The UN Security Council and International Criminal Tribunals: Procedure Matters by Christodoulos Kaoutzanis

The UN Security Council and International Criminal Tribunals: Procedure Matters by Christodoulos Kaoutzanis

Author:Christodoulos Kaoutzanis
Language: eng
Format: epub
ISBN: 9783030237776
Publisher: Springer International Publishing


5.3.3 Case Study of Discretion: United Kingdom and Foday Sankoh (After the Lomé Peace Accords)

The third case study of diplomatic activity took place after the signing of the Lomé Peace Accords and involved Jeremy Greenstock and Clare Short and the foreign policy apparatus of the U.K. government. Greenstock and Short used the discretion afforded to them as part of their official duties to evaluate and question the role assigned to RUF leader Foday Sankoh in the post-Lomé political system of Sierra Leone. Once again, this section provides the context for the events and then explains the debates among several high-ranking members of the Blair administration on the role Sankoh should have in Sierra Leone following the Lomé Peace Accords.

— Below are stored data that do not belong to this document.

Lemma open_trail_rev_edge_consecutive q i : open_trail x0 G Z q -> i.+1 < size q ->
  nth x0 q i = x -> nth x0 q i.+1 = y ->
  exists2 q', same_ends x0 q q' & open_trail x0 G' Z q'.
Proof.
move=> t iq qx qy; have [uq ad op] := t.
have [iq0 iq1] : i.-1 < size q /\ i < size q by split; lia.
have [/andP [i0 ux]|no_u] := boolP ((0 < i) && (nth x0 q i.-1 \in G x)).
  exists (excise i i.+1 q); first by apply: excise_same_ends; lia.
  exact: open_trail_rev_edge_drop_x.
have u_notin : 0 < i -> nth x0 q i.-1 \notin G x.
  by move=> i0; apply: contraNN no_u => ->; rewrite i0.
have [/andP [i2 wy]|no_w] := boolP ((i.+2 < size q) && (nth x0 q i.+2 \in G y)).
  exists (excise i.+1 i.+2 q); first by apply: excise_same_ends; lia.
  exact: open_trail_rev_edge_drop_y.
exists q; first by split=> //; lia.
split=> // [p pq|p p0 pq]; first by rewrite adj_rev_edge; apply: ad.
have [pi|pi] := eqVneq p i.
  subst p; rewrite qx; apply: (@open_triple_rev_edge_x_noncollider _ _ y).
  - by have := op i p0 iq; rewrite qx qy.
  - exact: covered_asym.
  - exact: u_notin.
  - by rewrite -qy nth_uniq //; lia.
have [pi1|pi1] := eqVneq p i.+1.
  subst p; rewrite /= qx qy; apply: open_triple_rev_edge_xy.
    by have := op i.+1 p0 pq; rewrite /= qx qy.
  by apply: contraNN no_w => ->; rewrite pq.
have pq' : p < size q by lia.
by apply: open_trail_rev_edge_away => //; [rewrite -qx | rewrite -qy]; rewrite nth_uniq //; lia.
Qed.

Lemma open_trail_rev_edge_collider_y q i j : open_trail x0 G Z q ->
  0 < i -> i.+1 < j < size q -> nth x0 q i = x -> nth x0 q j = y ->
  nth x0 q i.-1 \in G x -> nth x0 q i.+1 \in G x ->
  exists2 q', same_ends x0 q q' & open_trail x0 G' Z q'.
Proof.
move=> t i0 /andP [ij jq] qx qy ux wx; have [uq ad op] := t.
have iq : i < size q by lia.
have px p : p < size q -> (nth x0 q p == x) = (p == i).
  by move=> pq; rewrite -qx nth_uniq.
have op' p : 0 < p -> p.+1 < size q -> p != i -> p != j -> open_at' q p.
  move=> p0 pq pi pj; apply: open_trail_rev_edge_away => //.
    by rewrite px ?(negbTE pi) // ltnW.
  by rewrite -qy nth_uniq ?(negbTE pj) // ltnW.
have x_open : [exists w, connect (edge G) x w && (w \in Z)].
  by have := op i i0 ltac:(lia); rewrite qx => /open_collider_desc; apply.
exists (excise i j q); first by apply: excise_same_ends; lia.
apply: (open_trail_excise adj_rev_edge t); try lia.
- by rewrite qy /adj rev_edge_y ux.
- by move=> p p0 pi; apply: op' => //; apply/eqP; lia.
- by move=> p jp pq; apply: op' => //; apply/eqP; lia.
- move=> i1; rewrite qy; apply: open_triple_rev_edge_parent => //.
  by have := op i.-1 ltac:(lia) ltac:(lia); rewrite (_ : i.-1.+1 = i) ?qx //; lia.
- move=> j1; rewrite qy; apply: (@open_triple_rev_edge_collider_y _ _ (nth x0 q j.-1)) => //.
    by have := op j ltac:(lia) j1; rewrite qy.
  by rewrite px; lia.
Qed.

Lemma open_trail_rev_edge_collider q i : open_trail x0 G Z q -> y \notin q ->
  0 < i -> i.+1 < size q -> nth x0 q i = x ->
  nth x0 q i.-1 \in G x -> nth x0 q i.+1 \in G x ->
  exists2 q', same_ends x0 q q' & open_trail x0 G' Z q'.
Proof.
move=> t yq i0 iq qx ux wx; have [uq ad op] := t.
have px p : p < size q -> (nth x0 q p == x) = (p == i).
  by move=> pq; rewrite -qx nth_uniq // ltnW.
have ny p : p < size q -> (nth x0 q p == y) = false.
  by move=> pq; apply: contraNF yq => /eqP <-; exact: mem_nth.
have /existsP [z /andP [xz zZ]] : [exists w, connect (edge G) x w && (w \in Z)].
  by have := op i i0 iq; rewrite qx => /open_collider_desc; apply.
exists (set_nth x0 q i y); first exact: set_nth_same_ends.
apply: (open_trail_set_nth adj_rev_edge t) => //.
- by rewrite /adj rev_edge_y ux.
- by rewrite /adj rev_edge_y wx orbT.
- move=> p p0 pq _ pi _; apply: open_trail_rev_edge_away => //.
    by rewrite px ?(negbTE pi) // ltnW.
  by rewrite ny // ltnW.
- move=> i1; apply: open_triple_rev_edge_parent => //.
  by have := op i.-1 ltac:(lia) ltac:(lia); rewrite (_ : i.-1.+1 = i) ?qx //; lia.
- rewrite /open_triple rev_edge_y ux wx /=.
  by apply/existsP; exists z; rewrite zZ connect_rev_edge_y.
- move=> i2; rewrite open_tripleC; apply: open_triple_rev_edge_parent => //.
  by have := op i.+1 ltac:(lia) i2; rewrite /= qx open_tripleC.
Qed.

(* Only the neighbourhood of x and y on the trail can break: when y follows x
   one of them may have to be dropped, a collider at x is bypassed through y
   (the parents of x are the parents of y in G'), and otherwise the trail stays
   open. *)
Lemma open_trail_rev_edge q : open_trail x0 G Z q -> 0 < size q ->
  (x \in q -> y \in q -> index x q < index y q) ->
  exists2 q', same_ends x0 q q' & open_trail x0 G' Z q'.
Proof.
move=> t q0 xy_order; have [uq ad op] := t.
have keep_q : (forall p, 0 < p -> p.+1 < size q -> nth x0 q p = x ->
     ~~ ((nth x0 q p.-1 \in G x) && (nth x0 q p.+1 \in G x))) ->
  (forall p, p.+1 < size q ->
     ~~ ((nth x0 q p == x) && (nth x0 q p.+1 == y)) &&
     ~~ ((nth x0 q p == y) && (nth x0 q p.+1 == x))) ->
  exists2 q', same_ends x0 q q' & open_trail x0 G' Z q'.
  by move=> no_col no_xy; exists q; [split | apply: open_trail_rev_edge_same].
have notin_nth c p : c \notin q -> p < size q -> (nth x0 q p == c) = false.
  by move=> cq pq; apply: contraNF cq => /eqP <-; exact: mem_nth.
have [xq|xq] := boolP (x \in q); last first.
  apply: keep_q => [p _ pq px|p pq]; first by move: xq; rewrite -px mem_nth // ltnW.
  by rewrite !(notin_nth x) ?andbF //; lia.
set i := index x q; have iq : i < size q by rewrite index_mem.
have qx : nth x0 q i = x by exact: nth_index.
have px p : p < size q -> (nth x0 q p == x) = (p == i) by move=> pq; rewrite -qx nth_uniq.
have [/and4P [i0 i1 ux wx]|no_col] :=
  boolP [&& 0 < i, i.+1 < size q, nth x0 q i.-1 \in G x & nth x0 q i.+1 \in G x].
  have [yq|yq] := boolP (y \in q); last exact: open_trail_rev_edge_collider yq i0 i1 qx ux wx.
  have ij := xy_order xq yq; set j := index y q in ij.
  have jq : j < size q by rewrite index_mem.
  have qy : nth x0 q j = y by exact: nth_index.
  have [ji|ji] := eqVneq j i.+1; first by move: wx; rewrite -ji qy (negbTE covered_asym).
  have ij' : i.+1 < j < size q by rewrite jq andbT; lia.
  exact: (open_trail_rev_edge_collider_y t i0 ij' qx qy ux wx).
have {}no_col p : 0 < p -> p.+1 < size q -> nth x0 q p = x ->
    ~~ ((nth x0 q p.-1 \in G x) && (nth x0 q p.+1 \in G x)).
  move=> p0 pq /eqP; rewrite px => [/eqP pi|]; last exact: ltnW.
  subst p.
  by apply: contra no_col => /andP [-> ->]; rewrite p0 pq.
have [yq|yq] := boolP (y \in q); last first.
  by apply: keep_q => // p pq; rewrite !(notin_nth y) ?andbF //; lia.
have ij := xy_order xq yq; set j := index y q in ij.
have jq : j < size q by rewrite index_mem.
have qy : nth x0 q j = y by exact: nth_index.
have py p : p < size q -> (nth x0 q p == y) = (p == j) by move=> pq; rewrite -qy nth_uniq.
have [ji|ji] := eqVneq j i.+1.
  by apply: (open_trail_rev_edge_consecutive t (i := i)); rewrite -?ji //; lia.
by apply: keep_q => // p pq; rewrite !px ?py //; lia.
Qed.

Lemma same_ends_dconn a q q' : same_ends a q q' -> open_trail a G' Z q' -> 0 < size q ->
  dconn G' (nth a q 0) (last a q) Z.
Proof.
move=> [q'0 q'_head q'_last] t' q0; exists q'; split=> //.
- by rewrite (set_nth_default a) // q'_head.
- rewrite -nth_last (set_nth_default a); last lia.
  by rewrite q'_last nth_last.
- exact: open_trail_default t'.
Qed.

End ReversedTrails.

Lemma dconn_rev_edge a b Z : dconn G a b Z -> dconn G' a b Z.
Proof.
case=> q [q0 qa qb t]; have [uq _ _] := t.
have [/andP [/andP [xq yq] yx]|xy_order] :=
  boolP ((x \in q) && (y \in q) && (index y q < index x q)).
  have [q' same t'] : exists2 q', same_ends a (rev q) q' & open_trail a G' Z q'.
    apply: open_trail_rev_edge (open_trail_rev t) _ _; first by rewrite size_rev.
    have := index_mem x q; rewrite xq => xi.
    by rewrite !mem_rev => _ _; rewrite !index_rev_uniq //; lia.
  apply: dconn_sym; have := same_ends_dconn same t'; rewrite size_rev => /(_ q0).
  rewrite nth_rev // subn1 nth_last qb.
  suff -> : last a (rev q) = a by [].
  by case: q q0 qa {t uq xq yq yx same qb} => // c s _ /= ->; rewrite rev_cons last_rcons.
have [q' same t'] : exists2 q', same_ends a q q' & open_trail a G' Z q'.
  apply: open_trail_rev_edge t q0 _ => xq yq.
  move: xy_order; rewrite xq yq /= -leqNgt leq_eqVlt => /orP [/eqP xy|//].
  by move: covered_neq; rewrite -(nth_index a xq) xy nth_index ?eqxx.
by have := same_ends_dconn same t' q0; rewrite qa qb.
Qed.

(* Ranks by number of ancestors in G, with x and y squeezed between: y just
   below x, and both below every child of x. *)
Lemma rev_edge_acyclic : acyclic G'.
Proof.
pose a v := #|ancestors G v|.
pose r v := if v == x then (a x).*2.+1 else if v == y then (a x).*2 else (a v).*2.
have lt i j : j \in G i -> a j < a i by exact: card_ancestors_parent.
have yx : (y == x) = false by rewrite eq_sym (negbTE covered_neq).
have notxy j : j \in G x -> (j == x) = false /\ (j == y) = false.
  move=> jx; split; apply: negbTE; apply: contraTneq jx => ->.
    exact: acyclic_irrefl.
  exact: covered_asym.
apply: (@rank_acyclic _ _ r) => i j; rewrite /r.
case: (eqVneq i x) => [->|ix].
  rewrite rev_edge_x in_setU1 => /orP [/eqP ->|jx]; first by rewrite yx eqxx.
  by have [-> ->] := notxy j jx; have := lt _ _ jx; lia.
case: (eqVneq i y) => [->|iy].
  by rewrite rev_edge_y => jx; have [-> ->] := notxy j jx; have := lt _ _ jx; lia.
rewrite rev_edge_other // => ji; have := lt _ _ ji.
case: (eqVneq j x) => [->|jx]; first lia.
case: (eqVneq j y) => [->|jy]; last lia.
by have := lt _ _ covered_edge; lia.
Qed.

Lemma rev_edge_covered : covered G' y x.
Proof. by rewrite /covered rev_edge_x rev_edge_y setU11. Qed.

Lemma rev_edgeK : rev_edge G' y x = G.
Proof.
apply/ffunP => i; rewrite [LHS]ffunE.
case: (eqVneq i y) => [->|iy]; first by rewrite rev_edge_y; case: cov => _ ->.
case: (eqVneq i x) => [->|ix]; first by rewrite rev_edge_x setU1K // covered_asym.
by rewrite rev_edge_other.
Qed.

Lemma score_rev_edge (R : realType) (A : finType) (P : {ffun assign d A -> R}) :
  score (Hfam P) G' = score (Hfam P) G.
Proof.
rewrite /score; congr (- _)%R.
rewrite (bigD1 x) //= (bigD1 y) 1?eq_sym ?covered_neq //=.
rewrite [RHS](bigD1 x) //= [in RHS](bigD1 y) 1?eq_sym ?covered_neq //=.
rewrite !addrA; congr (_ + _)%R; last first.
  by apply: eq_bigr => i /andP [ix iy]; rewrite rev_edge_other.
rewrite rev_edge_x rev_edge_y; case: cov => _ ->.
by rewrite /Hfam /= setUCA; lra.
Qed.

End CoveredReversal.

Lemma markov_rev_edge d (G : graph d) x y : acyclic G -> covered G x y ->
  markov_eq G (rev_edge G x y).
Proof.
move=> acG cov a b Z _ _ _; rewrite /d_separated !d_connectedE.
split=> sepG conn; apply: sepG; last exact: dconn_rev_edge conn.
have := dconn_rev_edge (rev_edge_acyclic acG cov) (rev_edge_covered acG cov) conn.
by rewrite rev_edgeK.
Qed.

(** * Markov equivalence *)

Section Chickering.
Variable d : nat.
Implicit Types (G : graph d) (a b c : 'I_d).

Definition vstruct G a c b := [&& a \in G c, b \in G c, a != b & ~~ adj G a b].

Definition same_vstructs G1 G2 := forall a c b, vstruct G1 a c b = vstruct G2 a c b.

Definition reversed_edges G1 G2 : {set 'I_d * 'I_d} :=
  [set e | (e.1 \in G1 e.2) && (e.2 \in G2 e.1)].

As described in Tony Blair’s memoirs, the United Kingdom did very little with regards to Sierra Leone’s civil war before 2000.77 In its early years in power, the Blair cabinet was focused on the international crises in the former Yugoslavia—particularly Kosovo—and the attempted inspections of Saddam Hussein’s WMD programs in Iraq. In 1999, once a large number of atrocities started receiving international attention, the United Kingdom slightly shifted its interest towards Sierra Leone. The Blair family had some personal ties to Sierra Leone, as Blair’s father had been a lecturer at the Sierra Leone University in Freetown.78 The United Kingdom also had colonial ties with that country, a reality that influenced the perception of U.K. policy-makers towards the civil war.79 These ties were so important that the BBC coverage remained the primary news media not only for the U.K. government, but also for all fighting parties in the civil war. More importantly, another former U.K. colony—Nigeria—had taken the lead in fighting the AFRC/RUF rebels. Mindful of the atrocities and of Nigeria’s financial difficulties in fighting this war, the Blair government decided to contribute £1 million to the logistical needs of ECOMOG forces in January 1999.80 By January 20, 1999, in its effort to bolster the anti-rebel front, the United Kingdom had also sent a frigate to Freetown.81 At the same time, however, Blair was also preparing for an air campaign against Serbia for the protection of Kosovar Albanians.

The contrast between the United Kingdom’s interest towards the war in Kosovo and general apathy towards Sierra Leone’s civil war could not have been starker. The double-standard was not lost on The Guardian, which reported that “[t]he UN’s consolidated humanitarian appeal for Kosovo is $690 m[illion], of which 58% has been met, while $2.1b[illio]n has just been pledged for regional reconstruction. A UN appeal for $25 m[illion] for Sierra Leone met profound international indifference and a mere 32% of the appeal has been covered.”82 Various commentators—such as the UN Human Rights Commissioner Mary Robinson—tried to galvanize the United Kingdom’s attention to Sierra Leone by noting that there were more atrocities in Sierra Leone than in Kosovo.

In contrast to its intervention in Kosovo, the United Kingdom favored a power-sharing agreement with the goal of national reconciliation for Sierra Leone. In July 1999, at the same time that U.